In summary, the four ingredients of a cellular automaton are:
- a lattice,
- some states,
- the neighborhood geometry,
- and a rule of evolution.
Each of these requirements can be examined in turn.
States
Although the states can be given names, the simplest choice is to state their number, and enumerate them. Binary automata with states (0, 1) are the simplest; Life calls them dead or inert, and live. It is possible to quibble whether a state which has never been alive should be called dead, but it is a convenient appellation. Von Neumann's automaton[1], had 29 states, ten of which were quiescent.
Lattice
The selection of a lattice is rarely controversial; the square Cartesian grid, of any dimension, is quite common but the low dimensions are easiest to visualize. A planar hexagonal grid is sometimes convenient; there are several three dimensional lattices, but lattice types are quite restricted in higher dimensions. There are three regular 2D lattices, one regular 3D lattice, and three regular 4D lattices. Interesting lattices in higher dimensions include the E8 lattice and Leech lattice. The latter has extraordinary symmetry but it is not known to have been used in a cellular automaton.

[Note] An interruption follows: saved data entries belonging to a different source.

Lemma two_mode_norm_bound (al be m1 m2 : C) rho n k :
  0 < rho < 1 -> Cmod m1 = rho -> Cmod m2 = / rho -> (k <= n)%nat ->
  Rabs (Cmod (al * m1 ^ k - be * (m1 / m2) ^ n * m2 ^ k)%C ^ 2 - Cmod al ^ 2 * (rho ^ 2) ^ k)
  <= (2 * Cmod al * Cmod be + Cmod be ^ 2) * (rho ^ 2) ^ n.
Proof.
  intros Hrho H1 H2 Hk.
  destruct (Nat.le_exists_sub k n Hk) as [p [-> _]].
  assert (Hm2 : m2 <> 0%C)
    by (intros E; rewrite E, Cmod_0 in H2; pose proof (Rinv_0_lt_compat rho); lra).
  set (X := Cmod al * rho ^ k). set (Y := Cmod be * rho ^ (p + k) * rho ^ p).
  assert (HX : Cmod (al * m1 ^ k)%C = X) by (unfold X; now rewrite Cmod_mult, Cmod_pow, H1).
  assert (HY : Cmod (be * (m1 / m2) ^ (p + k) * m2 ^ k)%C = Y).
  { unfold Y. rewrite !Cmod_mult, !Cmod_pow, Cmod_div, H1, H2 by exact Hm2.
    replace (rho / / rho) with (rho * rho) by (field; lra).
    assert (E : rho ^ k * (/ rho) ^ k = 1) by (rewrite <- Rpow_mult_distr, Rinv_r, pow1; lra).
    rewrite Rpow_mult_distr, !pow_add.
    transitivity (Cmod be * (rho ^ k * (/ rho) ^ k) * (rho ^ p * rho ^ k) * rho ^ p); [ring|].
    rewrite E. ring. }
  assert (Hp : 0 <= rho ^ p <= 1) by (split; [apply pow_le|apply pow_le_1]; lra).
  assert (Hq : 0 <= rho ^ (p + k)) by (apply pow_le; lra).
  assert (Hsq : forall m, (rho ^ 2) ^ m = rho ^ m * rho ^ m)
    by (intros m; rewrite <- Rpow_mult_distr; f_equal; ring).
  assert (HXY : X * Y = Cmod al * Cmod be * (rho ^ 2) ^ (p + k))
    by (unfold X, Y; rewrite Hsq, !pow_add; ring).
  assert (HYY : Y ^ 2 <= Cmod be ^ 2 * (rho ^ 2) ^ (p + k)).
  { unfold Y. rewrite Hsq. pose proof (pow2_ge_0 (Cmod be)).
    replace ((Cmod be * rho ^ (p + k) * rho ^ p) ^ 2)
      with (Cmod be ^ 2 * (rho ^ (p + k) * rho ^ (p + k)) * (rho ^ p * rho ^ p)) by ring.
    assert (0 <= Cmod be ^ 2 * (rho ^ (p + k) * rho ^ (p + k))) by (apply Rmult_le_pos; nra).
    assert (rho ^ p * rho ^ p <= 1) by nra.
    apply Rle_trans with (Cmod be ^ 2 * (rho ^ (p + k) * rho ^ (p + k)) * 1);
      [apply Rmult_le_compat_l|]; lra. }
  replace (Cmod al ^ 2 * (rho ^ 2) ^ k) with (X ^ 2) by (unfold X; rewrite Hsq; ring).
  eapply Rle_trans; [apply (Rabs_sqr_sub_le X Y)|].
  - unfold X. apply Rmult_le_pos; [apply Cmod_ge_0|apply pow_le; lra].
  - rewrite <- HX, <- HY, <- (Cmod_opp (be * _ * _)). apply Cmod_add_sub_le.
  - lra.
Qed.

Lemma profile_norm2_geometric C0 z m1 m2 rho :
  0 < rho < 1 -> Cmod m1 = rho -> Cmod m2 = / rho ->
  m2 <> (z * cd C0)%C -> (z * cc C0)%C <> 0%C ->
  exists W K, 0 < W /\ forall M k, (k < M)%nat ->
    Rabs (norm2 (profile C0 z m1 m2 M k) - W * (rho ^ 2) ^ k) <= K * (rho ^ 2) ^ pred M.
Proof.
  intros Hrho H1 H2 Hv2 Hw.
  set (v1 := (m1 - z * cd C0)%C). set (v2 := (m2 - z * cd C0)%C). set (w := (z * cc C0)%C).
  exists (Cmod (v2 * v1)%C ^ 2 + Cmod (v2 * w)%C ^ 2),
    ((2 * Cmod (v2 * v1)%C * Cmod (v1 * v2)%C + Cmod (v1 * v2)%C ^ 2)
     + (2 * Cmod (v2 * w)%C * Cmod (v1 * w)%C + Cmod (v1 * w)%C ^ 2)).
  split.
  - assert (0 < Cmod (v2 * w)%C).
    { apply Cmod_gt_0, Cmult_neq_0; [|exact Hw]. intros E. apply Hv2, Csub_eq_0, E. }
    pose proof (pow2_ge_0 (Cmod (v2 * v1)%C)). pose proof (pow_lt _ 2 H). lra.
  - intros M k Hk. unfold norm2, profile, modeL, modeR; cbn [fst snd]. fold v1 v2 w.
    replace (v2 * (m1 ^ k * v1) - v1 * (m1 / m2) ^ pred M * (m2 ^ k * v2))%C
      with ((v2 * v1) * m1 ^ k - (v1 * v2) * (m1 / m2) ^ pred M * m2 ^ k)%C by ring.
    replace (v2 * (m1 ^ k * w) - v1 * (m1 / m2) ^ pred M * (m2 ^ k * w))%C
      with ((v2 * w) * m1 ^ k - (v1 * w) * (m1 / m2) ^ pred M * m2 ^ k)%C by ring.
    pose proof (two_mode_norm_bound (v2 * v1) (v1 * v2) m1 m2 rho (pred M) k Hrho H1 H2 ltac:(lia)).
    pose proof (two_mode_norm_bound (v2 * w) (v1 * w) m1 m2 rho (pred M) k Hrho H1 H2 ltac:(lia)).
    match goal with |- Rabs (?A + ?B - _) <= _ =>
      pose proof (Rabs_triang (A - Cmod (v2 * v1)%C ^ 2 * (rho ^ 2) ^ k)
                              (B - Cmod (v2 * w)%C ^ 2 * (rho ^ 2) ^ k)) end.
    rewrite Rmult_plus_distr_r. rewrite Rmult_plus_distr_r.
    match goal with |- Rabs ?E <= _ => replace E with
      ((Cmod ((v2 * v1) * m1 ^ k - (v1 * v2) * (m1 / m2) ^ pred M * m2 ^ k)%C ^ 2
         - Cmod (v2 * v1)%C ^ 2 * (rho ^ 2) ^ k)
       + (Cmod ((v2 * w) * m1 ^ k - (v1 * w) * (m1 / m2) ^ pred M * m2 ^ k)%C ^ 2
         - Cmod (v2 * w)%C ^ 2 * (rho ^ 2) ^ k)) by ring end.
    lra.
Qed.

Lemma is_lim_seq_geometric_ratio (N : nat -> nat -> R) W K q j :
  0 < W -> 0 <= q < 1 ->
  (forall M k, (k < M)%nat -> Rabs (N M k - W * q ^ k) <= K * q ^ pred M) ->
  is_lim_seq (fun M => N M j / sum_upto (N M) M) ((1 - q) * q ^ j).
Proof.
  intros HW Hq HN.
  assert (Hgeom : is_lim_seq (fun n => q ^ n) 0) by (apply is_lim_seq_geom; rewrite Rabs_right; lra).
  assert (Hgeom_j : is_lim_seq (fun M => q ^ (M + j)) 0) by now apply (is_lim_seq_incr_n (fun n => q ^ n) j 0).
  assert (Hlin : is_lim_seq (fun M => INR (S (M + j)) * (K * q ^ (M + j))) 0).
  { apply (is_lim_seq_incr_n (fun n => INR (S n) * (K * q ^ n)) j 0).
    apply (is_lim_seq_ext (fun n => K * (INR n * q ^ n + q ^ n))); [intros n; rewrite S_INR; ring|].
    replace (Finite 0) with (Rbar_mult K (0 + 0)) by (simpl; f_equal; ring).
    apply is_lim_seq_scal_l, is_lim_seq_plus'; [now apply is_lim_seq_INR_mul_pow|exact Hgeom]. }
  apply (is_lim_seq_incr_n _ (S j)).
  eapply is_lim_seq_ext; [intros M; now replace (M + S j)%nat with (S (M + j)) by lia|].
  replace ((1 - q) * q ^ j) with ((W * q ^ j) / (W / (1 - q))) by (field; lra).
  apply is_lim_seq_div'.
  - apply (is_lim_seq_approx _ (fun _ => W * q ^ j) (fun M => K * q ^ (M + j))).
    + intros M. apply HN. lia.
    + apply is_lim_seq_const.
    + replace 0 with (K * 0) by ring. now apply is_lim_seq_scal_l with (lu := 0).
  - apply (is_lim_seq_approx _ (fun M => W * ((1 - q ^ S (M + j)) / (1 - q)))
             (fun M => INR (S (M + j)) * (K * q ^ (M + j)))); [| |exact Hlin].
    + intros M. rewrite <- sum_upto_geom, <- sum_upto_scal by lra.
      apply sum_upto_Rabs_sub_le. intros k Hk. apply HN. lia.
    + replace (W / (1 - q)) with (W * ((1 - 0) / (1 - q))) by (field; lra).
      apply (is_lim_seq_scal_l _ W ((1 - 0) / (1 - q))).
      unfold Rdiv. apply (is_lim_seq_scal_r _ (/ (1 - q)) (1 - 0)).
      apply is_lim_seq_minus'; [apply is_lim_seq_const|].
      now apply (is_lim_seq_incr_1 (fun M => q ^ (M + j)) 0).
  - assert (0 < W / (1 - q)) by (apply Rdiv_lt_0_compat; lra). lra.
Qed.

Lemma comf_ratio_geometric_limit C0 xi th m1 m2 rho j :
  unitary C0 -> detC C0 = expi th -> ca C0 <> 0%C -> cc C0 <> 0%C ->
  char_poly C0 (expi xi) m1 = 0%C -> char_poly C0 (expi xi) m2 = 0%C ->
  0 < rho < 1 -> Cmod m1 = rho -> Cmod m2 = / rho ->
  exists mu : nat -> R,
    (forall M, (j < M)%nat -> is_lim_seq (comf_ratio C0 xi M j) (mu M)) /\
    is_lim_seq mu ((1 - rho ^ 2) * (rho ^ 2) ^ j).
Proof.
  intros HU HD Ha Hc H1 H2 Hrho Hm1 Hm2.
  assert (Hrho_inv : 1 < / rho) by (assert (rho * / rho = 1) by (field; lra); nra).
  assert (Hzd : Cmod (expi xi * cd C0)%C <= 1).
  { destruct (unitary_second_row C0 HU) as [-> _].
    rewrite HD, !Cmod_expi_mul, Cmod_conj.
    pose proof (unitary_row_norm C0 HU). pose proof (pow2_ge_0 (Cmod (cb C0))).
    pose proof (Cmod_ge_0 (ca C0)). nra. }
  destruct (profile_norm2_geometric C0 (expi xi) m1 m2 rho Hrho Hm1 Hm2) as (W & K & HW & HK).
  - intros E. rewrite <- E, Hm2 in Hzd. lra.
  - apply Cmult_neq_0; [apply expi_neq0|exact Hc].
  - set (N := fun M k => norm2 (profile C0 (expi xi) m1 m2 M k)).
    exists (fun M => N M j / sum_upto (N M) M). split.
    + intros M HM. apply (comf_ratio_lim_profile C0 xi th); auto. rewrite Hm1, Hm2. lra.
    + apply (is_lim_seq_geometric_ratio N W K); auto. split; [apply pow2_ge_0|nra].
Qed.

Lemma reciprocal_root b nu : nu ^ 2 - 2 * b * nu + 1 = 0 -> (/ nu) ^ 2 - 2 * b * / nu + 1 = 0.
Proof.
  intros H. assert (Hnu : nu <> 0) by (intros ->; lra).
  replace ((/ nu) ^ 2 - 2 * b * / nu + 1) with ((nu ^ 2 - 2 * b * nu + 1) / nu ^ 2) by (field; exact Hnu).
  rewrite H. field. exact Hnu.
Qed.

Theorem theorem3p2 (C0 : coin) (xi : R) :
  unitary C0 ->
  Cmult (Cmult (ca C0) (cb C0)) (Cmult (cc C0) (cd C0)) <> RtoC 0 ->
  forall theta : R, detC C0 = expi theta ->
  let omega := theta / 2 + xi in
  Rabs (cos omega) > Cmod (ca C0) ->
  forall lam : R,
    lam ^ 2 - 2 * (cos omega / Cmod (ca C0)) * lam + 1 = 0 ->
    Rabs lam > 1 ->
  forall j : nat,
  exists mu : nat -> R,
    (forall M : nat, (j < M)%nat -> is_lim_seq (comf_ratio C0 xi M j) (mu M)) /\
    is_lim_seq mu ((1 - / lam ^ 2) * / lam ^ (2 * j)).
Proof.
  (* [Rabs (cos omega) > Cmod (ca C0)] only guarantees that the real root [lam] exists. *)
  intros HU Habcd theta HD omega _ lam Hlam Hlam1 j. subst omega.
  assert (Ha : ca C0 <> 0%C) by (intros E; apply Habcd; rewrite E; ring).
  assert (Hc : cc C0 <> 0%C) by (intros E; apply Habcd; rewrite E; ring).
  assert (Hlam0 : 0 < Rabs lam) by lra.
  set (rho := / Rabs lam).
  assert (Hrho : 0 < rho < 1).
  { assert (Rabs lam * rho = 1) by (unfold rho; field; lra).
    split; [apply Rinv_0_lt_compat; lra|nra]. }
  replace ((1 - / lam ^ 2) * / lam ^ (2 * j)) with ((1 - rho ^ 2) * (rho ^ 2) ^ j)
    by (unfold rho; now rewrite pow_inv, pow2_abs, pow_inv, <- pow_mult).
  pose proof (Cmod_root_phase C0 theta Ha) as Hkap.
  apply (comf_ratio_geometric_limit C0 xi theta
           (root_phase C0 theta * RtoC (/ lam)) (root_phase C0 theta * RtoC lam) rho);
    auto using char_poly_root, reciprocal_root.
  - unfold rho. now rewrite Cmod_mult, Hkap, Cmod_R, Rabs_inv, Rmult_1_l.
  - unfold rho. now rewrite Cmod_mult, Hkap, Cmod_R, Rinv_inv, Rmult_1_l.
Qed.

Normally evolution follows the Markov property, that the next configuration depends only on the present configuration; but it could reach a finite distance into the past. Edward Fredkin postulated a lattice of two time steps in order to construct reversible cellular automata, in analogy to first and second order differential equations. Diffusion equations, of first order usually not reversible, but wave equations, of second order, often are.
Rules
Transition rules admit many possibilities, usually being chosen for the intended application; certainly von Neumann carefully engineered his choices. Each of the 29 states has a useful purpose: the sixteen transmission states are used for basic signal propagation; the four confluent states have many uses; the eight sensitised states are necessary for construction, and one ground state that acts as a background. John Conway chose his Game of Life rule with equal care, seeking a well balanced evolution. Symmetry constitutes a general criterion for rule selection; simply counting the occupancy of a neighborhood's symmetry class fulfills this requirement. totalistic rules count all the cells of a given state in a neighborhood,semitotalistic rules set the reference cell apart. Golay surrounds, especially is a hexagonal lattice, make a finer distinction.
Neighbourhood
Finally, there is the matter of neighbourhoods. They could be quite capricious, but that is rarely contemplated. Giving them a radius - distance from the reference cell - is a natural choice:
- Von Neumann chose nearest neighbors with respect to Cartesian coordinates, which means i-1, i, i+1 and j-1, j, j+1 for the site (i, j). If only one index is varied at a time, the result is the von Neumann neighborhood of whose five members one is central with four ringing it.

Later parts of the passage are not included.